Tokyo
Korea: Five Artists, Five Hinsek ‘White’
2018/3/10–4/28
Tokyo Gallery + BTAP is very pleased to announce the restaging of the exhibition Korea: Five Artists, Five Hinsek ‘White.’
In 1975, Tokyo Gallery organized a group exhibition titled Korea: Five Artists, Five Hinsek ‘White,’ which was the first show in Japan dedicated to the works by contemporary Korean artists. In 1972, with a hope to conceive a programming that embraces contemporary art of other Asian countries, then the director Takashi Yamamoto travelled to Korea with the artist Yoshishige Saito, Jiro Takamatu, and the art critic Yusuke Nakahara. After their visit the gallery organized the exhibition that included the paintings by the five artists Kwon Young-Woo, Park Seo-bo, Suh Seung-Won, Hur Hwang, and Lee Dong-Youb. These paintings that were composed of white monochromatic color are now acknowledged as the origin of the Korean Dansaekhwa, which is currently receiving critical attention internationally.

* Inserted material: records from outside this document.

(** Setwise convergence of finite measures implies convergence of the
    integrals of bounded measurable functions: for a nonnegative function the
    integral, a supremum over simple functions, is lower semicontinuous, and
    applying this to [f] and to [M - f] gives continuity.  Hence the marginals
    on [X] converge setwise and, at every atom [x] of the limit marginal, the
    conditional distributions [kappa_ n x = mu_ n ({x} * .) / mu_ n^X {x}]
    converge setwise, hence weakly, so that [g (x, kappa_ n x)] tends to
    [g (x, kappa x)].  Now
      [\int g dpsi(mu_ n) = \int g (x, kappa x) dmu_ n^X
                  + \int (g (x, kappa_ n x) - g (x, kappa x)) dmu_ n^X];
    the first term tends to [\int g dpsi(mu)], and the second is small since,
    [X] being countable, finitely many atoms carry almost all of the limit
    mass, while the [mu_ n^X]-mass of their complement converges to the small
    limit mass. *)

Set Implicit Arguments.
Unset Strict Implicit.
Unset Printing Implicit Defensive.
Import Order.TTheory GRing.Theory Num.Theory.
Import numFieldNormedType.Exports.
Local Open Scope classical_set_scope.
Local Open Scope ring_scope.

Lemma near_finite_forall (I : choiceType) (G : set I) (Q : I -> nat -> Prop) :
  finite_set G -> (forall i, G i -> \forall n \near \oo, Q i n) ->
  \forall n \near \oo, forall i, G i -> Q i n.
Proof.
move=> /finite_fsetP[D ->] GQ.
apply: filterS (filter_bigI (f := Q) _ _) => [n DQ i /DQ //|i /GQ //].
Qed.

Lemma gen_open_near (T : Type) (S : set (set T)) (W : set T) (w : T)
    (u : nat -> T) :
  gen_open S W -> W w ->
  (forall A, S A -> A w -> \forall n \near \oo, A (u n)) ->
  \forall n \near \oo, W (u n).
Proof.
move=> /(_ w) oW /oW[F [finF FS Fw FW]] Su.
apply: filterS (near_finite_forall (Q := fun A n => A (u n)) finF _).
  by move=> n Fu; apply: FW => A /Fu.
by move=> A FA; exact: Su (FS _ FA) (Fw _ FA).
Qed.

Lemma cvge_sum (R : realType) (I : Type) (r : seq I)
    (u_ : nat -> I -> \bar R) (u : I -> \bar R) :
  (forall i, u i \is a fin_num) -> (forall i, u_ ^~ i @ \oo --> u i) ->
  (fun n => \sum_(i <- r) u_ n i)%E @ \oo --> (\sum_(i <- r) u i)%E.
Proof.
move=> u_fin u_cvg; elim: r => [|i r IHr].
  by under eq_fun do rewrite big_nil; rewrite big_nil; exact: cvg_cst.
under eq_fun do rewrite big_cons; rewrite big_cons.
by apply: cvgeD => //; exact/fin_num_adde_defr/u_fin.
Qed.

Section finite_measure_integral.
Context d (T : measurableType d) (R : realType).
Variable m : {finite_measure set T -> \bar R}.

Lemma finite_measure_bounded_integrable (D : set T) (f : T -> R) (M : R) :
  measurable D -> measurable_fun D f -> (forall x, D x -> `|f x| <= M) ->
  m.-integrable D (EFin \o f).
Proof.
move=> mD mf fM; apply: measurable_bounded_integrable => //.
  by rewrite ltey_eq fin_num_measure.
exists M; split; first exact: num_real.
by move=> M' /ltW MM' x Dx; exact: le_trans (fM x Dx) MM'.
Qed.

Lemma bounded_integralE (f : T -> R) (M : R) :
  measurable_fun setT f -> (forall x, `|f x| <= M) ->
  (\int[m]_x (f x)%:E)%E = (\int[m]_x f x)%:E.
Proof.
move=> mf fM; rewrite fineK//; apply: integrable_fin_num => //.
exact: (finite_measure_bounded_integrable _ mf (fun x _ => fM x)).
Qed.

End finite_measure_integral.

Section setwise_convergence.
Context d (T : measurableType d) (R : realType).
Variables (nu_ : nat -> {finite_measure set T -> \bar R})
          (nu : {finite_measure set T -> \bar R}).
Hypothesis nu_cvg : forall A, measurable A -> (fun n => nu_ n A) @ \oo --> nu A.

Import HBNNSimple.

Dansaekhwa was a loosely organized art movement in Korea that emerged in the 1970s. This group of artists engages in the processes of working on monochrome colors, gesture of repetition, and material plasticity as potential strategies to open new possibilities for painting. While such aesthetics corresponded to that of Art Informel and Minimalism in the West, these artistic practices are based on the cultural dispositions that are unique to Asia, aiming to confront nature through the act of painting. The movement is today internationally recognized as the first Korean avant-garde movement.
Organized forty-three years after the original Korea: Five Artists, Five Hinsek ‘White’, this exhibition juxtaposes the five artists’ most recent paintings with those produced in the 1970s. Holding the exhibition in Tokyo after four decades of its initial conception, we hope to show the continuity and transformation of their respective practices.